■ AIM OF THE EXERCISE ■
Output only the lines below from the one containing "pose x t : 'rV[R]_d" to the one containing "by rewrite cost1", exactly as written, both ends kept.

■ RECORDS SHOWN ■
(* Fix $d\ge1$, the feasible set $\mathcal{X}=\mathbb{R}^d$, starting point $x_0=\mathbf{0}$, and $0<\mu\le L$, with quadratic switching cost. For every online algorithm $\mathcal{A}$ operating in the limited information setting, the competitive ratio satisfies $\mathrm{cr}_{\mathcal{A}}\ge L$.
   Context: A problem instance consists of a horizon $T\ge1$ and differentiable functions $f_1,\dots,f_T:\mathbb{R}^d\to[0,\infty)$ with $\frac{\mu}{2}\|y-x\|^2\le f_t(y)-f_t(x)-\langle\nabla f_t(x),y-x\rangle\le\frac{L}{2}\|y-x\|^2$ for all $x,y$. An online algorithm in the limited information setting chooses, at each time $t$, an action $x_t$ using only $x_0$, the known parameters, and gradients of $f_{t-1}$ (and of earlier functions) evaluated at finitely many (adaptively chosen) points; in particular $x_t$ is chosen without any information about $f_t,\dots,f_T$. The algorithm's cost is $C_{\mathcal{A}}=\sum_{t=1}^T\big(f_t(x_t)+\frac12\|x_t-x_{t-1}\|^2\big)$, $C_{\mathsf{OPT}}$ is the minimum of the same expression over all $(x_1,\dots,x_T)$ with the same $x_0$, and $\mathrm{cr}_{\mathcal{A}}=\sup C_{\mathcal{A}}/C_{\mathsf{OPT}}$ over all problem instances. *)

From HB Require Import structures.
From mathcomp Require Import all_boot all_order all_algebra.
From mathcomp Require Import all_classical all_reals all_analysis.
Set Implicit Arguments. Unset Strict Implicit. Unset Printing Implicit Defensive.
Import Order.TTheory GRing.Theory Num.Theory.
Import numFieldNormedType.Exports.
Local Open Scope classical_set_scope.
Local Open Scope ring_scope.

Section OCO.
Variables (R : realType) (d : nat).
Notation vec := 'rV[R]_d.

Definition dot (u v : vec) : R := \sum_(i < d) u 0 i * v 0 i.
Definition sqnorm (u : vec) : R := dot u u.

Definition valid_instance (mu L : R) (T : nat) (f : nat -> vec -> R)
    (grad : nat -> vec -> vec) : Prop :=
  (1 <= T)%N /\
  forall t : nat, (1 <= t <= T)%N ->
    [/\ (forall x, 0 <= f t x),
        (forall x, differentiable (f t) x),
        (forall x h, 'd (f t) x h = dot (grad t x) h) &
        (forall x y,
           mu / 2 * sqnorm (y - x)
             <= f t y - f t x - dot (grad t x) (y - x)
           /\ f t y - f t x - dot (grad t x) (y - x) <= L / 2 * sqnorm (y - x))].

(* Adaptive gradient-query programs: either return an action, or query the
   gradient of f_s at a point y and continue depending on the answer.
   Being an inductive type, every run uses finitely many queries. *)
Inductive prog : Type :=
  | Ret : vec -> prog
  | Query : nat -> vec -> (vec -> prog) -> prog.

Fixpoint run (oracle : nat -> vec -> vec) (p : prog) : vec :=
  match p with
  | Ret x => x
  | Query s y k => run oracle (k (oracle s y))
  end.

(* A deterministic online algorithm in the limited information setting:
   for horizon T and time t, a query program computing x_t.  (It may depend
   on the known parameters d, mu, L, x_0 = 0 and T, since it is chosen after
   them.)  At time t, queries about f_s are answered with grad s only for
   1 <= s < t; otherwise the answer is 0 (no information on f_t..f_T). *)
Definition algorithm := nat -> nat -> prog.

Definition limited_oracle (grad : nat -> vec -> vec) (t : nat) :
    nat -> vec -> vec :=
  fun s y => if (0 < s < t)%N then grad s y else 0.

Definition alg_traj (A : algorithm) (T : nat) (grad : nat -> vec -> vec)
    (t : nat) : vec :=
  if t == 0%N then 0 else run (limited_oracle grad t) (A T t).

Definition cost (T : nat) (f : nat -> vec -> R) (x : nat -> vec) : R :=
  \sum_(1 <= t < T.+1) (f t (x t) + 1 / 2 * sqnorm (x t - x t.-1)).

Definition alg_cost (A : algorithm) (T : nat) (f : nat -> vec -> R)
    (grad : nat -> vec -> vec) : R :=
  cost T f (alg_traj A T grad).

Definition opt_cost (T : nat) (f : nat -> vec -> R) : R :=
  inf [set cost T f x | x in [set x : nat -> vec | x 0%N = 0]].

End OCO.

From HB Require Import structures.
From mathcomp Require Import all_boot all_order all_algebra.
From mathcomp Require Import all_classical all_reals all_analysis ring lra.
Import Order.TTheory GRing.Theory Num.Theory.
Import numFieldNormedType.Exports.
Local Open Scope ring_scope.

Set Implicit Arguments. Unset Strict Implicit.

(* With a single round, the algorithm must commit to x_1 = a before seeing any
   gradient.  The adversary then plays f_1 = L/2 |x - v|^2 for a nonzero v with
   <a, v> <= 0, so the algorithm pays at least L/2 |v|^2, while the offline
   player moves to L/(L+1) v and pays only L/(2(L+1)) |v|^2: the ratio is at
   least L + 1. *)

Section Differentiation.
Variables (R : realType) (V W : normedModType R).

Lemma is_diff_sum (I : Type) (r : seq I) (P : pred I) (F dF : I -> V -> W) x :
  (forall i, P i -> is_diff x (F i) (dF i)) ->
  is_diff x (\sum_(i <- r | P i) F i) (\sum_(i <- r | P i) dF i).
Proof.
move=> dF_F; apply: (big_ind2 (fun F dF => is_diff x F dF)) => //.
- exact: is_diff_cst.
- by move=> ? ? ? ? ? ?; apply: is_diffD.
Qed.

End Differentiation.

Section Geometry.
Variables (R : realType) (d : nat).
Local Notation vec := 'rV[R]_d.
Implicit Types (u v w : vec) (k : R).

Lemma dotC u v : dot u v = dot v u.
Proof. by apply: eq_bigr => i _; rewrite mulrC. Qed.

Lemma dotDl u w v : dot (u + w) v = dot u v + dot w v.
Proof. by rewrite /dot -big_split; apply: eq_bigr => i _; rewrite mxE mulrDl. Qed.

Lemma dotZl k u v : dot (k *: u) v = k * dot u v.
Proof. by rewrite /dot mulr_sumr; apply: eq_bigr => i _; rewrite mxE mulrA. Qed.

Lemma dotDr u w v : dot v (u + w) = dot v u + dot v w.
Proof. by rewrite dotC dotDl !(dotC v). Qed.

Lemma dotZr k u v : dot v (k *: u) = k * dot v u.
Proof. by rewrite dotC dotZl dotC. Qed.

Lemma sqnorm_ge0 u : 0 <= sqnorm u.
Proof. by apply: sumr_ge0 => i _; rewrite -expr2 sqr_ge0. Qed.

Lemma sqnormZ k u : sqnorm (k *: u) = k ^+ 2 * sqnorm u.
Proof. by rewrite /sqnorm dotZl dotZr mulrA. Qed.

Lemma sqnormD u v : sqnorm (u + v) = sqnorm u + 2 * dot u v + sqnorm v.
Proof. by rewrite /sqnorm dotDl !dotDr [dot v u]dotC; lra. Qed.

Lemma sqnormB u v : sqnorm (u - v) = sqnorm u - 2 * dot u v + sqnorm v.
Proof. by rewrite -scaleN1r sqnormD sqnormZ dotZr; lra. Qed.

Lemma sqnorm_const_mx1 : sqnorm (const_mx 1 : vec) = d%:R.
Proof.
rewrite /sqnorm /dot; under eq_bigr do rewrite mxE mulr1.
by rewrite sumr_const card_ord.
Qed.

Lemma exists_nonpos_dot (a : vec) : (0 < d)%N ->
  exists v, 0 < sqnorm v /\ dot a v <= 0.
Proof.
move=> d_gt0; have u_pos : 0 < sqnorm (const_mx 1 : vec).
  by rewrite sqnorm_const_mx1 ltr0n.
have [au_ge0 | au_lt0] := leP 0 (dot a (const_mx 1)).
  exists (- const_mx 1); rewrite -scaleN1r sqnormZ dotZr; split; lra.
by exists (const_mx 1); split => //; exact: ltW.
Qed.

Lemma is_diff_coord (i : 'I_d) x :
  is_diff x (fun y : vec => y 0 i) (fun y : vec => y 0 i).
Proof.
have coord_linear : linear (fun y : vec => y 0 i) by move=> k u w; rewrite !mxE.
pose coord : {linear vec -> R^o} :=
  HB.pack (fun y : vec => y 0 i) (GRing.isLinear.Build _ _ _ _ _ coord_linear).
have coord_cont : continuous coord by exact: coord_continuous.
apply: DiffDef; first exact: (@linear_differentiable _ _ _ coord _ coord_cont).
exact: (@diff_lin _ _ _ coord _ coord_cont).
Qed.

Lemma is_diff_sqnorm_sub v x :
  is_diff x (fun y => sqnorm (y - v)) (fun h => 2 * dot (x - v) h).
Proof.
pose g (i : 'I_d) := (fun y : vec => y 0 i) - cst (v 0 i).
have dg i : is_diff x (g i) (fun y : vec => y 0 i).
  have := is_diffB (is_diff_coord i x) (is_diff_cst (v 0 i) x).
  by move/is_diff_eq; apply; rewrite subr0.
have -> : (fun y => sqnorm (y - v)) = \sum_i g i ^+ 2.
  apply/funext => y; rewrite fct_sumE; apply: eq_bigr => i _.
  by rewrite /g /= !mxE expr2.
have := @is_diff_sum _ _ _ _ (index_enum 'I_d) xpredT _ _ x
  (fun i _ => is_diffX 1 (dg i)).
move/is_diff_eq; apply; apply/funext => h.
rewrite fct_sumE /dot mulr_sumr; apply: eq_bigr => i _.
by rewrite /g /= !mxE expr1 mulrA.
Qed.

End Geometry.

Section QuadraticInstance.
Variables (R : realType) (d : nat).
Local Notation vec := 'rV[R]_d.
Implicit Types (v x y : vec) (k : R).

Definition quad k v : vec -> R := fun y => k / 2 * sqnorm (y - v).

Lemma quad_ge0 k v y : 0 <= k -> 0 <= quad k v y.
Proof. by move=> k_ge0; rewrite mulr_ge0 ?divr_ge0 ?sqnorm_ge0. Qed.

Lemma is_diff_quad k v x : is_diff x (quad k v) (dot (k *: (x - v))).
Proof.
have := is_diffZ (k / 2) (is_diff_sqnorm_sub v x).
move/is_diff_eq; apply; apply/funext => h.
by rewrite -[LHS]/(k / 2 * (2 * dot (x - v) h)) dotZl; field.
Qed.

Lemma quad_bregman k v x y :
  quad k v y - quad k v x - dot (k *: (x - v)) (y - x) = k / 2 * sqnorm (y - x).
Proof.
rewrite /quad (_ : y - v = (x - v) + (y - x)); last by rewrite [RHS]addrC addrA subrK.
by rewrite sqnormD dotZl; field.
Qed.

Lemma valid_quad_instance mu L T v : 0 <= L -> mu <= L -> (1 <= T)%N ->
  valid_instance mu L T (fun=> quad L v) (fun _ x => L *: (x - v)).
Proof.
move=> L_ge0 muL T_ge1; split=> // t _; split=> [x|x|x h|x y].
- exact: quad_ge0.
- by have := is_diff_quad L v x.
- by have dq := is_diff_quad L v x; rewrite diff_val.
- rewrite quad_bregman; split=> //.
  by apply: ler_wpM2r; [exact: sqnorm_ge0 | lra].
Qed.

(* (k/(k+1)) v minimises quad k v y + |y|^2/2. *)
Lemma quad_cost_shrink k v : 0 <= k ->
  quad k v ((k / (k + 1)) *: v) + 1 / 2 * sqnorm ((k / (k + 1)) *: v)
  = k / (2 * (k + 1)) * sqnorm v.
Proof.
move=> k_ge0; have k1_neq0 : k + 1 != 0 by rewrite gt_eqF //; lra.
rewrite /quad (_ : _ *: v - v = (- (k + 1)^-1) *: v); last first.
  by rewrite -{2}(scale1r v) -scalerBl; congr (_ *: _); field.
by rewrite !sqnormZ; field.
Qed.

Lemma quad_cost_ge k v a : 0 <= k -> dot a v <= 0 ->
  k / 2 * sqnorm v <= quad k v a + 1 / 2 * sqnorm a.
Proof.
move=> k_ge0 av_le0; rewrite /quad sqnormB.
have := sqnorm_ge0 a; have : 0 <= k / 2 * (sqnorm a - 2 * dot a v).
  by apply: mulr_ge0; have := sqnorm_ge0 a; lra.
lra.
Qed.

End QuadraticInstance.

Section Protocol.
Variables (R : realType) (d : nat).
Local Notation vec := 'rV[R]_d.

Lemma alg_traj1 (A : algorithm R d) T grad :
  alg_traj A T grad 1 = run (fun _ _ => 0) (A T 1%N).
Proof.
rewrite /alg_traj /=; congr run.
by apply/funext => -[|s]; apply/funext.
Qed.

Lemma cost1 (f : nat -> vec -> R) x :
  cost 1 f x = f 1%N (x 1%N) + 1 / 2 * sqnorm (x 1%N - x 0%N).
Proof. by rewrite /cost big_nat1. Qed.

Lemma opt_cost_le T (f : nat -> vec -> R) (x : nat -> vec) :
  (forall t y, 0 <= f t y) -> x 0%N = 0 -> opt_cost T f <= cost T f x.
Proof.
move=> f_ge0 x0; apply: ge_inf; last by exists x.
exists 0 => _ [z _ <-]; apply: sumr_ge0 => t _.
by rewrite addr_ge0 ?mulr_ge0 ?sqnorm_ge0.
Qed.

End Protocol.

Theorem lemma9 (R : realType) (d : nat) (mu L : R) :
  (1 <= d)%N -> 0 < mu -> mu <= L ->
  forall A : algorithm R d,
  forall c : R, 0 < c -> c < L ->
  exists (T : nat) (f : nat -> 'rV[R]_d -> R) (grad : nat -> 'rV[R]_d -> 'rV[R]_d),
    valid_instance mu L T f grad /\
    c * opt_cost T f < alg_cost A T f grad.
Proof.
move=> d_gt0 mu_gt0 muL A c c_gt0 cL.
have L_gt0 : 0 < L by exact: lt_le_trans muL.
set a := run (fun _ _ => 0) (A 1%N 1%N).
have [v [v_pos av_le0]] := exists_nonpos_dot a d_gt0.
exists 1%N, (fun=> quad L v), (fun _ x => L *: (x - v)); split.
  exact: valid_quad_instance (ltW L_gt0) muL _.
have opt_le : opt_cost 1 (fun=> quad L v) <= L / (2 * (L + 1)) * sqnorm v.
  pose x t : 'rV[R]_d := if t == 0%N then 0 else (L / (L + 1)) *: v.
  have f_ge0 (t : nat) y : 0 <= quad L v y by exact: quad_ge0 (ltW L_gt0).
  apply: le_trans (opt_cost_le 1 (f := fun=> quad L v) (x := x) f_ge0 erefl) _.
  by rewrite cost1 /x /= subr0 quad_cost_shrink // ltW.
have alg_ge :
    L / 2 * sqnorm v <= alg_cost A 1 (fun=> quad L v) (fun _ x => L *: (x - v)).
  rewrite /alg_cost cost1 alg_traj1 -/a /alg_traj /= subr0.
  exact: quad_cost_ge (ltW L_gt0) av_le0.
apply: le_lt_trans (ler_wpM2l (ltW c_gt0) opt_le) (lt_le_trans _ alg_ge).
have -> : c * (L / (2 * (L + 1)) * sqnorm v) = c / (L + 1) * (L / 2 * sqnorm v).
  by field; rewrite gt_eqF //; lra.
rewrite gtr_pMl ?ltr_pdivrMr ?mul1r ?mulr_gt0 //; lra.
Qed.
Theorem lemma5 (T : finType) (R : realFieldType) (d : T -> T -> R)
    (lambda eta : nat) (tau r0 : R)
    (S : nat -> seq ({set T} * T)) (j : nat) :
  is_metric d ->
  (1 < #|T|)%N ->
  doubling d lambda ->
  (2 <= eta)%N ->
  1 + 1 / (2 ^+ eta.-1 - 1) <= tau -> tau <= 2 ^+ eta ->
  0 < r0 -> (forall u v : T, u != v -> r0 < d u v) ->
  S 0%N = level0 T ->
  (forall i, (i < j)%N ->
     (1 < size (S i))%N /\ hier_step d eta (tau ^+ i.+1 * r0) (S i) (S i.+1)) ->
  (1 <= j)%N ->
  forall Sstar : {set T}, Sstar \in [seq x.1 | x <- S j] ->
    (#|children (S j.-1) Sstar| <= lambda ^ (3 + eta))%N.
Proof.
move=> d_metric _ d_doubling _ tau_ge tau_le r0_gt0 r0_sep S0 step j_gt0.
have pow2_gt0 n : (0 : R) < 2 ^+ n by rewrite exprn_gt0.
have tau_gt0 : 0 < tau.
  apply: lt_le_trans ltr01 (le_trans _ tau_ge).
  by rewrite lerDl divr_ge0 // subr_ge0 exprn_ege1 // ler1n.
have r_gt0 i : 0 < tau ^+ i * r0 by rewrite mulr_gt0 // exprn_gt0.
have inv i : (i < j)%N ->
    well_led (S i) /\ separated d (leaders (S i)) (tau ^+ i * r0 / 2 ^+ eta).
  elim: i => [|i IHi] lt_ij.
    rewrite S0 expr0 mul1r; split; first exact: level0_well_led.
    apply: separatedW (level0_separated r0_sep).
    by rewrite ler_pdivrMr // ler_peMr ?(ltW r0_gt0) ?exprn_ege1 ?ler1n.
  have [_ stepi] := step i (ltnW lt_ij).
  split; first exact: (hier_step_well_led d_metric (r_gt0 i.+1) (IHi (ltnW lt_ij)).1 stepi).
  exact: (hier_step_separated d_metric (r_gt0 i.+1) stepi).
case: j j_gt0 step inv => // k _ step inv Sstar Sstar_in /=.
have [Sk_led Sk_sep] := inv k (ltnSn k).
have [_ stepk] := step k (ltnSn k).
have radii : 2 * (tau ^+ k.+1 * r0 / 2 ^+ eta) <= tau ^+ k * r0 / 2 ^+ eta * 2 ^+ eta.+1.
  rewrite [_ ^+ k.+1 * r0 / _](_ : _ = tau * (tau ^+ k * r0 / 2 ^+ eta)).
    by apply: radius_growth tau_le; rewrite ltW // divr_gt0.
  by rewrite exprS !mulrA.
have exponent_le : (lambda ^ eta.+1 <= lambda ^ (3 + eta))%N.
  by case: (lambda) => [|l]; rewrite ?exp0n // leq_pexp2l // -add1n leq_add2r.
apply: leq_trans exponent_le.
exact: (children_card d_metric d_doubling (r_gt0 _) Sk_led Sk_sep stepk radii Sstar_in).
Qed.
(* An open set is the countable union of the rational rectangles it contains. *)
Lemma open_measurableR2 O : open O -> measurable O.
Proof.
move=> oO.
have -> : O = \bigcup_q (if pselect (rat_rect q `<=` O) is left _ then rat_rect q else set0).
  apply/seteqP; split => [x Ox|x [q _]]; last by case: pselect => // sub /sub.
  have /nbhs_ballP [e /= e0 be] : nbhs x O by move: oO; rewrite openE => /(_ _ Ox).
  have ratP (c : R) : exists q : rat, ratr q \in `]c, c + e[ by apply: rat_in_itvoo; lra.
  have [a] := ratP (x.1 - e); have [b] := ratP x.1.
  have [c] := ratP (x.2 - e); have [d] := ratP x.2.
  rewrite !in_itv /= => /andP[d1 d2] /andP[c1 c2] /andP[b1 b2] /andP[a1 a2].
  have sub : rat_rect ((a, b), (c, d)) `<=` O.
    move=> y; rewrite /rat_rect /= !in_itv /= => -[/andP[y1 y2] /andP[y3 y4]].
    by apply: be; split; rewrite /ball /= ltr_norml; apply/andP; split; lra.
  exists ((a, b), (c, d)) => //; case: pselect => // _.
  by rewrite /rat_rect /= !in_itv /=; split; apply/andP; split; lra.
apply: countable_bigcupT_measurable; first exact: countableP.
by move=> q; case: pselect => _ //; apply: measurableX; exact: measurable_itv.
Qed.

■ ANSWER TO THE PROBLEM ■
  pose x t : 'rV[R]_d := if t == 0%N then 0 else (L / (L + 1)) *: v.
  have f_ge0 (t : nat) y : 0 <= quad L v y by exact: quad_ge0 (ltW L_gt0).
  apply: le_trans (opt_cost_le 1 (f := fun=> quad L v) (x := x) f_ge0 erefl) _.
  by rewrite cost1 /x /= subr0 quad_cost_shrink // ltW.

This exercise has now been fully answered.